Ordering Information
| Product Name | Catalog # | UNIT | Price | Qty | FAVORITES | |
BLM CRISPR Activation Plasmid (h) | sc-400896-ACT | 20 µg | $397.00 |
BLM encodes a RecQ family DNA helicase that safeguards genome stability by resolving aberrant DNA structures during replication and recombination. BLM functions in homologous recombination repair, replication fork restart, and dissolution of double Holliday junctions with the TOP3A–RMI1/2 complex, thereby limiting sister chromatid exchanges and chromosomal rearrangements. It is integrated with DNA damage response networks involving ATR/ATM signaling and influences cell cycle checkpoint control under replication stress. Loss of BLM activity is associated with elevated mutational burden and chromosomal instability phenotypes characteristic of Bloom syndrome and is relevant to studies of cancer-associated genome maintenance defects.

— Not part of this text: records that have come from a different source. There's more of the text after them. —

Let solS : integral_eq S S0 fS. Proof. by move=> t /sol[[? _ _] [? _ _]]. Qed.
Let solE : integral_eq E E0 fE. Proof. by move=> t /sol[[_ ? _] [_ ? _]]. Qed.
Let solI : integral_eq I I0 fI. Proof. by move=> t /sol[[_ _ ?] [_ _ ?]]. Qed.

Let bnom_ge0 : 0 <= bnom.
Proof. by have /andP[b0 bb] := beta_bound (lexx 0); exact: le_trans b0 bb. Qed.

Let gamma_ge0 t : 0 <= t -> 0 <= gamma t.
Proof. by move=> /gamma_bound/andP[g0 _]; exact: le_trans (ltW gnom_gt0) g0. Qed.

Let gmax_gt0 : 0 < gmax.
Proof.
by have /andP[g0 gg] := gamma_bound (lexx 0); exact: lt_le_trans gnom_gt0 (le_trans g0 gg).
Qed.

Section Horizon.
Variables (T B : R).
Hypothesis T_ge0 : 0 <= T.
Hypothesis state_bound : forall u : R, 0 <= u <= T ->
  [/\ `|S u| <= B, `|E u| <= B & `|I u| <= B].

Let B_ge0 : 0 <= B.
Proof.
have /state_bound[SB _ _] : (0 : R) <= 0 <= T by rewrite lexx T_ge0.
exact: le_trans (normr_ge0 _) SB.
Qed.

Let C := bnom * B * B + (eta + gmax) * B.

Let rates_bound (u : R) : 0 <= u <= T -> [/\ `|fS u| <= C, `|fE u| <= C & `|fI u| <= C].
Proof.
move=> /[dup] /andP[u0 _] /state_bound[SB EB IB].
have /andP[b0 bb] := beta_bound u0; have /andP[_ gm] := gamma_bound u0.
have bSI : `|beta u * S u * I u| <= bnom * B * B.
  by rewrite !normrM ger0_norm // !ler_pM // mulr_ge0.
have eE : `|eta * E u| <= eta * B by rewrite normrM gtr0_norm // ler_wpM2l // ltW.
have gI : `|gamma u * I u| <= gmax * B.
  by rewrite normrM ger0_norm ?ler_pM ?gamma_ge0.
have eB : 0 <= eta * B by rewrite mulr_ge0 // ltW.
have gB : 0 <= gmax * B by rewrite mulr_ge0 // ltW.
have bB : 0 <= bnom * B * B by rewrite !mulr_ge0.
rewrite /C /fS /fE /fI normrN; split.
- lra.
- by apply: le_trans (ler_normB _ _) _; lra.
- by apply: le_trans (ler_normB _ _) _; lra.
Qed.

Let K := bnom * B + eta.

Let rates_quasipositive (u m : R) : 0 <= u <= T -> 0 <= m ->
    - m <= S u -> - m <= E u -> - m <= I u ->
  [/\ S u < 0 -> - (K * m) <= fS u, E u < 0 -> - (K * m) <= fE u
    & I u < 0 -> - (K * m) <= fI u].
Proof.
move=> /[dup] /andP[u0 _] /state_bound[SB EB IB] m0 mS mE mI.
have /andP[b0 bb] := beta_bound u0.
have mB : 0 <= m * B by rewrite mulr_ge0.
have em : 0 <= eta * m by rewrite mulr_ge0 // ltW.
have bBm : 0 <= bnom * B * m by rewrite !mulr_ge0.
have eE : - (eta * m) <= eta * E u by rewrite -mulrN ler_wpM2l // ltW.
have bSI : - (bnom * (m * B)) <= beta u * (S u * I u).
  have SI : - (m * B) <= S u * I u := mul_lower_bound m0 mS mI SB IB.
  nra.
rewrite /K /fS /fE /fI; split => neg.
- have : - (m * B) <= - S u * I u.
    by apply: mul_lower_bound => //; [lra | rewrite normrN].
  nra.
- nra.
- have : 0 <= gamma u * - I u.
    by apply: mulr_ge0; [exact: gamma_ge0 | lra].
  nra.
Qed.

Lemma seir_ge0_upto t : 0 <= t <= T -> [/\ 0 <= S t, 0 <= E t & 0 <= I t].
Proof.
pose F c := match c with Susceptible => S | Exposed => E | Infectious => I end.
pose F0 c := match c with Susceptible => S0 | Exposed => E0 | Infectious => I0 end.
pose g c := match c with Susceptible => fS | Exposed => fE | Infectious => fI end.
have solF c : integral_eq (F c) (F0 c) (g c) by case: c.
have F0_ge0 c : 0 <= F0 c.
  by case: x0_Pi => /andP[? _] /andP[? _] /andP[? _] _; case: c.
have g_bounded c (u : R) : 0 <= u <= T -> `|g c u| <= C.
  by move=> /rates_bound[? ? ?]; case: c.
have K_ge0 : 0 <= K by rewrite addr_ge0 ?mulr_ge0 // ltW.
have g_qp c (u m : R) : 0 <= u <= T -> 0 <= m ->
    (forall c', - m <= F c' u) -> F c u < 0 -> - (K * m) <= g c u.
  move=> uT m0 mF.
  have [? ? ?] := rates_quasipositive uT m0 (mF Susceptible) (mF Exposed) (mF Infectious).
  by case: c.
move=> tT; have ge0 c := integral_eq_system_ge0 solF F0_ge0 g_bounded K_ge0 g_qp c tT.
by split; [exact: (ge0 Susceptible) | exact: (ge0 Exposed) | exact: (ge0 Infectious)].
Qed.

End Horizon.

Lemma seir_ge0 t : 0 <= t -> [/\ 0 <= S t, 0 <= E t & 0 <= I t].
Proof.
move=> t0.
have [BS hS] := integral_eq_bounded solS t; have [BE hE] := integral_eq_bounded solE t.
have [BI hI] := integral_eq_bounded solI t.
apply: (@seir_ge0_upto t (`|BS| + `|BE| + `|BI|)); rewrite ?t0 ?lexx // => u ut.
have := ler_norm BS; have := ler_norm BE; have := ler_norm BI.
have := normr_ge0 BS; have := normr_ge0 BE; have := normr_ge0 BI.
have := hS u ut; have := hE u ut; have := hI u ut.
by split; lra.
Qed.

Lemma seir_total_decrease s t m : 0 <= s -> s <= t -> 0 <= m ->
    (forall u, s < u <= t -> m <= I u) ->
  gnom * m * (t - s) <= (S s + E s + I s) - (S t + E t + I t).
Proof.
move=> s0 st m0 mI.
apply: (integral_eq_decrease (integral_eqD (integral_eqD solS solE) solI)) => //.
move=> u /[dup] /andP[su _] /mI mIu; have u0 := le_trans s0 (ltW su).
have /andP[gg _] := gamma_bound u0.
have : gnom * m <= gamma u * I u by rewrite ler_pM // ltW.
rewrite /fS /fE /fI /=; lra.
Qed.

Lemma seir_SE_decrease s t m : 0 <= s -> s <= t -> 0 <= m ->
    (forall u, s < u <= t -> m <= E u) ->
  eta * m * (t - s) <= (S s + E s) - (S t + E t).
Proof.
move=> s0 st m0 mE.
apply: (integral_eq_decrease (integral_eqD solS solE)) => // u /mE mEu.
have : eta * m <= eta * E u by rewrite ler_wpM2l // ltW.
rewrite /fS /fE /=; lra.
Qed.

Lemma seir_inPi t : 0 <= t -> inPi (S t) (E t) (I t).
Proof.
move=> t0; have [St_ge0 Et_ge0 It_ge0] := seir_ge0 t0.
have I_ge0 u : 0 < u <= t -> 0 <= I u by case/andP=> /ltW /seir_ge0[].
have := seir_total_decrease (lexx 0) t0 (lexx 0) I_ge0.
rewrite (integral_eq0 solS) (integral_eq0 solE) (integral_eq0 solI) mulr0 mul0r.
case: x0_Pi => _ _ _ N0; rewrite /inPi St_ge0 Et_ge0 It_ge0 /=.
by split; lra.
Qed.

BLM CRISPR Activation Plasmid (h) provides a targeted, non-destructive approach to upregulating endogenous BLM expression without altering the underlying DNA sequence.

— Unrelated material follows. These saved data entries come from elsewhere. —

Lemma cell_witness (J : {set 'I_3}) u q i x y z :
  0 <= q <= 1 -> i \in J -> Hat i (u, true) ->
  (forall j, j \in J -> Hat j (u, true) -> q = pat x y z j) ->
  coherence_witness Eat Hat (pat x y z) J (cell_weight u q).
Proof.
move=> q01 Ji Hi qE; split; first exact: cell_weight_ge0.
  move=> j Jj; rewrite /balanced sum_cell_gain.
  case Hj: (Hat j (u, true)); last by rewrite /ind Hj mul0r.
  by rewrite -(qE j Jj Hj) subrr mulr0.
have [c w_gt0] := cell_weight_pos u q01.
have Hc j : Hat j (u, c) = Hat j (u, true) by elim/ord3_ind: j.
by exists (u, c) => //; apply/existsP; exists i; rewrite Ji Hc.
Qed.

(* Both weightings give C|A the value x and C|B the value y; C|(A v B) gets
   z' under [low_weight] and z'' under [upp_weight], with total masses x+y-xy
   and 1-xy.  The coefficients of [mixed_weight] are chosen to hit z. *)
Definition low_weight x y t : R :=
  match t with
  | (true, true, true) => x * y
  | (true, false, false) => y * (1 - x)
  | (false, true, false) => x * (1 - y)
  | _ => 0
  end.

Definition upp_weight x y t : R :=
  match t with
  | (true, true, false) => (1 - x) * (1 - y)
  | (true, false, true) => x * (1 - y)
  | (false, true, true) => y * (1 - x)
  | _ => 0
  end.

Lemma low_weight_ge0 x y t : 0 <= x <= 1 -> 0 <= y <= 1 -> 0 <= low_weight x y t.
Proof.
by move=> /andP[? ?] /andP[? ?]; case: t => [[[] []] []]; rewrite /= ?lexx //;
  apply: mulr_ge0; lra.
Qed.

Lemma upp_weight_ge0 x y t : 0 <= x <= 1 -> 0 <= y <= 1 -> 0 <= upp_weight x y t.
Proof.
by move=> /andP[? ?] /andP[? ?]; case: t => [[[] []] []]; rewrite /= ?lexx //;
  apply: mulr_ge0; lra.
Qed.

Definition mixed_weight x y z t : R :=
  (x + y - 2 * x * y - z * (1 - x * y)) * low_weight x y t
  + (z * (x + y - x * y) - x * y) * upp_weight x y t.

Lemma mixed_weight_balanced x y z j :
  balanced Eat Hat (pat x y z) (mixed_weight x y z) j.
Proof.
rewrite /balanced sum_atom; elim/ord3_ind: j;
  rewrite /mixed_weight /tnth /ind /=; ring.
Qed.

Lemma sum_mixed_weight x y z :
  \sum_t mixed_weight x y z t = (x - y) ^+ 2 + 3 * (x * y * ((1 - x) * (1 - y))).
Proof. by rewrite sum_atom /mixed_weight /=; ring. Qed.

BLM CRISPR Activation Plasmid (h) is a three-plasmid synergistic activation mediator (SAM) system engineered for highly efficient, site-specific transcriptional upregulation of the BLM locus in human cell lines. The system is built around a catalytically inactive Cas9 (dCas9) carrying two inactivating mutations (D10A and N863A) that eliminate nuclease activity while preserving DNA binding. This dCas9 is fused to VP64, a potent transcriptional activator, and is co-expressed with a blasticidin resistance gene for selection. The second plasmid encodes the MS2-p65-HSF1 fusion protein, a secondary activator complex that works in concert with dCas9-VP64, alongside a hygromycin resistance gene. The third plasmid encodes a target-specific 20 nt sgRNA fused to two MS2 RNA aptamers that recruit the MS2-p65-HSF1 complex to the activation site, accompanied by a puromycin resistance gene. The three plasmids are delivered at a 1:1:1 mass ratio for balanced expression of all system components.

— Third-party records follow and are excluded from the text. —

(* Let $G$ be a group and $A$ an additive abelian group with a right $G$-action by group automorphisms. For $k\ge0$ let $\partial_k:\mathcal C^k(G,A)\to\mathcal C^{k+1}(G,A)$ be $(\partial_kc)(g_1,\dots,g_{k+1})=[c(g_1,\dots,g_k)]^{g_{k+1}}-c(g_1,\dots,g_k)$ (so $D^{n}=\partial_{n-1}\cdots\partial_0$). Then for every $n\ge1$: (1) $\delta^n\partial_{n-1}=\partial_n\delta^{n-1}+(-1)^n\partial_n\partial_{n-1}$ on $\mathcal C^{n-1}(G,A)$; (2) $\delta^nD^n=\partial_n\delta^{n-1}D^{n-1}+(-1)^nD^{n+1}$; (3) $\delta^nD^n=-D^{n+1}$ if $n$ is odd and $\delta^nD^n=0$ if $n$ is even (the latter also for $n=0$).
   Context: Right action: $a\mapsto a^g$, $a^{\mathbf e}=a$, $(a^g)^h=a^{gh}$, additive in $a$; $\mathbf e$ the identity of $G$. $\mathcal C^0(G,A)=A$; for $n\ge1$, $\mathcal C^n(G,A)$ is the group of functions $G^n\to A$ vanishing whenever some argument is $\mathbf e$. $D^0=\mathrm{id}_A$ and $D^n=\partial_{n-1}D^{n-1}$. The coboundary operator for the trivial left action, $\delta^n:\mathcal C^n(G,A)\to\mathcal C^{n+1}(G,A)$, is $[\delta^nc](g_1,\dots,g_{n+1})=c(g_2,\dots,g_{n+1})+\sum_{i=1}^{n}(-1)^ic(g_1,\dots,g_ig_{i+1},\dots,g_{n+1})+(-1)^{n+1}c(g_1,\dots,g_n)$; in particular $\delta^0=0$. *)

From HB Require Import structures.
From mathcomp Require Import all_boot all_order all_algebra.
Set Implicit Arguments. Unset Strict Implicit. Unset Printing Implicit Defensive.
Import Order.TTheory GRing.Theory Num.Theory.
Local Open Scope ring_scope.

Section Cochains.
Variables (G : Type) (mul : G -> G -> G) (e : G) (A : zmodType) (act : A -> G -> A).

Definition cochain (n : nat) := {ffun 'I_n -> G} -> A.

Definition normalized (n : nat) (c : cochain n) : Prop :=
  forall g : {ffun 'I_n -> G}, (exists i, g i = e) -> c g = 0.

Definition tailf (n : nat) (g : {ffun 'I_n.+1 -> G}) : {ffun 'I_n -> G} :=
  [ffun j : 'I_n => g (lift ord0 j)].

Definition initf (n : nat) (g : {ffun 'I_n.+1 -> G}) : {ffun 'I_n -> G} :=
  [ffun j : 'I_n => g (widen_ord (leqnSn n) j)].

(* 0-indexed i : (g_0,...,g_n) |-> (g_0,...,g_i g_{i+1},...,g_n) *)
Definition mergef (n : nat) (i : 'I_n) (g : {ffun 'I_n.+1 -> G}) : {ffun 'I_n -> G} :=
  [ffun j : 'I_n => if (j < i)%N then g (widen_ord (leqnSn n) j)
                    else if j == i then mul (g (widen_ord (leqnSn n) j)) (g (lift ord0 j))
                    else g (lift ord0 j)].

(* coboundary for the trivial left action:
   [delta^n c](g_1..g_{n+1}) = c(g_2..g_{n+1})
      + sum_{i=1}^n (-1)^i c(g_1,..,g_i g_{i+1},..,g_{n+1}) + (-1)^{n+1} c(g_1..g_n) *)
Definition delta (n : nat) (c : cochain n) : cochain n.+1 :=
  fun g => c (tailf g)
           + \sum_(i < n) (c (mergef i g)) *~ ((-1) ^+ i.+1)
           + (c (initf g)) *~ ((-1) ^+ n.+1).

Definition pdel (k : nat) (c : cochain k) : cochain k.+1 :=
  fun g => act (c (initf g)) (g ord_max) - c (initf g).

Unset Implicit Arguments.
Fixpoint Dop (n : nat) : A -> cochain n :=
  match n return A -> cochain n with
  | 0 => fun a _ => a
  | m.+1 => fun a => pdel (Dop m a)
  end.

Set Implicit Arguments.
End Cochains.
Arguments Dop {G A} act n a _.

From mathcomp Require Import all_boot all_order all_algebra.
Import GRing.Theory.
Local Open Scope ring_scope.

(* Every face of the cochain pdel c, except the last two, is the matching face
   of c followed by a |-> a^h - a, where h is the last argument; this map is
   additive, so those faces assemble into pdel (delta c) minus its last term.
   The two remaining faces (merging the last two arguments, dropping the last
   one) combine with that missing term, via (a^g)^h = a^(gh), into
   (-1)^n pdel (pdel c).  Taking c = D^(n-1) a gives (2), and (3) follows from
   (2) by induction on n, starting from delta^0 = 0. *)

Section Faces.
Variables (G : Type) (mul : G -> G -> G).

Lemma initf_tailf n (g : {ffun 'I_n.+2 -> G}) : initf (tailf g) = tailf (initf g).
Proof. by apply/ffunP => j; rewrite !ffunE; congr (g _); apply: val_inj. Qed.

Lemma tailf_ord_max n (g : {ffun 'I_n.+2 -> G}) : tailf g ord_max = g ord_max.
Proof. by rewrite ffunE; congr (g _); apply: val_inj. Qed.

Lemma initf_mergef_widen n (i : 'I_n) (g : {ffun 'I_n.+2 -> G}) :
  initf (mergef mul (widen_ord (leqnSn n) i) g) = mergef mul i (initf g).
Proof.
apply/ffunP => j; rewrite !ffunE /=.
have -> : (widen_ord (leqnSn n) j == widen_ord (leqnSn n) i) = (j == i).
  by rewrite -val_eqE.
case: ifP => _; first by congr (g _); apply: val_inj.
case: ifP => _; last by congr (g _); apply: val_inj.
by congr (mul (g _) (g _)); apply: val_inj.
Qed.

Lemma mergef_widen_ord_max n (i : 'I_n) (g : {ffun 'I_n.+2 -> G}) :
  mergef mul (widen_ord (leqnSn n) i) g ord_max = g ord_max.
Proof.
rewrite ffunE /= ltnNge (ltnW (ltn_ord i)) /=.
have -> : (ord_max == widen_ord (leqnSn n) i :> 'I_n.+1) = false.
  by apply/negbTE; rewrite -val_eqE /= neq_ltn ltn_ord orbT.
by congr (g _); apply: val_inj.
Qed.

Lemma initf_mergef_ord_max n (g : {ffun 'I_n.+2 -> G}) :
  initf (mergef mul ord_max g) = initf (initf g).
Proof.
by apply/ffunP => j; rewrite !ffunE /= ltn_ord; congr (g _); apply: val_inj.
Qed.

Lemma mergef_ord_max_ord_max n (g : {ffun 'I_n.+2 -> G}) :
  mergef mul ord_max g ord_max = mul (initf g ord_max) (g ord_max).
Proof.
by rewrite !ffunE /= ltnn eqxx; congr (mul (g _) (g _)); apply: val_inj.
Qed.

End Faces.

Section Action.
Variables (G : Type) (A : zmodType) (act : A -> G -> A).
Hypothesis actD : forall a b g, act (a + b) g = act a g + act b g.

Lemma act0 g : act 0 g = 0.
Proof. by apply: (addrI (act 0 g)); rewrite -actD !addr0. Qed.

Lemma actN a g : act (- a) g = - act a g.
Proof. by apply/eqP; rewrite -subr_eq0 opprK -actD addNr act0. Qed.

Lemma actB a b g : act (a - b) g = act a g - act b g.
Proof. by rewrite actD actN. Qed.

Lemma actMn a g k : act (a *+ k) g = act a g *+ k.
Proof. by elim: k => [|k IHk]; rewrite ?mulr0n ?act0 // !mulrS actD IHk. Qed.

Lemma actMz a g (z : int) : act (a *~ z) g = act a g *~ z.
Proof. by case: z => k; rewrite /intmul ?actN actMn. Qed.

Lemma act_sum I (r : seq I) (P : pred I) (F : I -> A) g :
  act (\sum_(i <- r | P i) F i) g = \sum_(i <- r | P i) act (F i) g.
Proof. exact: (big_morph (act^~ g) (fun a b => actD a b g) (act0 g)). Qed.

Variable mul : G -> G -> G.
Hypothesis actM : forall a g h, act (act a g) h = act a (mul g h).

Lemma delta_pdel m (c : cochain G A m) (g : {ffun 'I_m.+2 -> G}) :
  delta mul (pdel act c) g
  = pdel act (delta mul c) g + pdel act (pdel act c) g *~ ((-1) ^+ m.+1).
Proof.
set g' := initf g; set h := g ord_max; set s : int := (-1) ^+ m.+1.
set fh := fun a => act a h - a.
have pdel_tail : pdel act c (tailf g) = fh (c (tailf g')).
  by rewrite /pdel initf_tailf tailf_ord_max.
have pdel_merge i : pdel act c (mergef mul (widen_ord (leqnSn m) i) g)
                    = fh (c (mergef mul i g')).
  by rewrite /pdel initf_mergef_widen mergef_widen_ord_max.
have pdel_merge_last : pdel act c (mergef mul ord_max g)
                       = act (c (initf g')) (mul (g' ord_max) h) - c (initf g').
  by rewrite /pdel initf_mergef_ord_max mergef_ord_max_ord_max.
have pdel_delta : pdel act (delta mul c) g
    = fh (c (tailf g')) + \sum_(i < m) fh (c (mergef mul i g')) *~ (-1) ^+ i.+1
      + fh (c (initf g')) *~ s.
  rewrite /pdel /delta -/g' -/h !actD act_sum actMz !opprD.
  rewrite addrACA [X in X + _]addrACA -mulrzBl -sumrB.
  by under eq_bigr do rewrite actMz -mulrzBl.
have sign_next : (-1) ^+ m.+2 = - s by rewrite exprS mulN1r.
have last_terms :
    (act (c (initf g')) (mul (g' ord_max) h) - c (initf g')) *~ s
      + pdel act c g' *~ - s
    = fh (c (initf g')) *~ s + pdel act (pdel act c) g *~ s.
  have -> : pdel act (pdel act c) g
      = act (c (initf g')) (mul (g' ord_max) h) - act (c (initf g')) h - pdel act c g'.
    by rewrite [in LHS]/pdel actB actM.
  set P := act _ (mul _ _); set Q := act _ h; set I := c _.
  by rewrite mulrNz -!mulrzBl -mulrzDl addrA [Q - I + _]addrC subrKA.
rewrite /delta big_ord_recr /= pdel_tail pdel_merge_last -/s sign_next.
under eq_bigr do rewrite pdel_merge.
by rewrite pdel_delta -!addrA last_terms.
Qed.

Lemma delta0 (c : cochain G A 0) (g : {ffun 'I_1 -> G}) : delta mul c g = 0.
Proof.
rewrite /delta big_ord0 addr0 expr1 mulrN1z.
have -> : initf g = tailf g by apply/ffunP => -[].
exact: subrr.
Qed.

Lemma delta_Dop n a (g : {ffun 'I_n.+1 -> G}) :
  delta mul (Dop act n a) g = if odd n then - Dop act n.+1 a g else 0.
Proof.
elim: n => [|n IHn] in g *; first exact: delta0.
have pdel_delta_Dop :
    pdel act (delta mul (Dop act n a)) g = if odd n then - Dop act n.+2 a g else 0.
  rewrite /pdel IHn; case: (odd n); last by rewrite act0 subr0.
  by rewrite actN -opprD.
rewrite delta_pdel pdel_delta_Dop -signr_odd /=.
by case: (odd n) => /=; rewrite ?expr0 ?mulr1z ?addNr // expr1 mulrN1z add0r.
Qed.

End Action.

Theorem lemma1p21
  (G : Type) (mul : G -> G -> G) (e : G) (inv : G -> G)
  (mulA : forall x y z, mul x (mul y z) = mul (mul x y) z)
  (mul1g : forall x, mul e x = x) (mulg1 : forall x, mul x e = x)
  (mulVg : forall x, mul (inv x) x = e) (mulgV : forall x, mul x (inv x) = e)
  (A : zmodType) (act : A -> G -> A)
  (act1 : forall a, act a e = a)
  (actM : forall a g h, act (act a g) h = act a (mul g h))
  (actD : forall a b g, act (a + b) g = act a g + act b g) :
  (* (1), n = m+1 >= 1, on C^{n-1} *)
  (forall (m : nat) (c : cochain G A m), normalized e c ->
     forall g : {ffun 'I_m.+2 -> G},
       delta mul (pdel act c) g
       = pdel act (delta mul c) g
         + (pdel act (pdel act c) g) *~ ((-1) ^+ m.+1))
  /\
  (* (2), n = m+1 >= 1 *)
  (forall (m : nat) (a : A) (g : {ffun 'I_m.+2 -> G}),
       delta mul (Dop act m.+1 a) g
       = pdel act (delta mul (Dop act m a)) g
         + (Dop act m.+2 a g) *~ ((-1) ^+ m.+1))
  /\
  (* (3), all n >= 0 *)
  (forall (n : nat) (a : A) (g : {ffun 'I_n.+1 -> G}),
       delta mul (Dop act n a) g = if odd n then - Dop act n.+1 a g else 0).
Proof.
split; first by move=> m c _ g; apply: delta_pdel.
split; first by move=> m a g; apply: delta_pdel.
exact: delta_Dop.
Qed.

Once assembled at the target locus, the SAM complex binds within approximately 200 bp upstream of the BLM transcriptional start site, where VP64, p65, and HSF1 act in concert to recruit transcriptional machinery and drive upregulation of endogenous BLM expression. Unlike nuclease-active Cas9, dCas9 does not introduce double-strand breaks or modify the genomic sequence, preserving the native BLM locus and enabling the study of BLM-dependent transcriptional responses at the endogenous locus, making it a valuable tool for functional studies, target gene identification, and the modeling of BLM pathway restoration in tumor cells with silenced or reduced BLM expression.
For Research Use Only. Not Intended for Diagnostic or Therapeutic Use.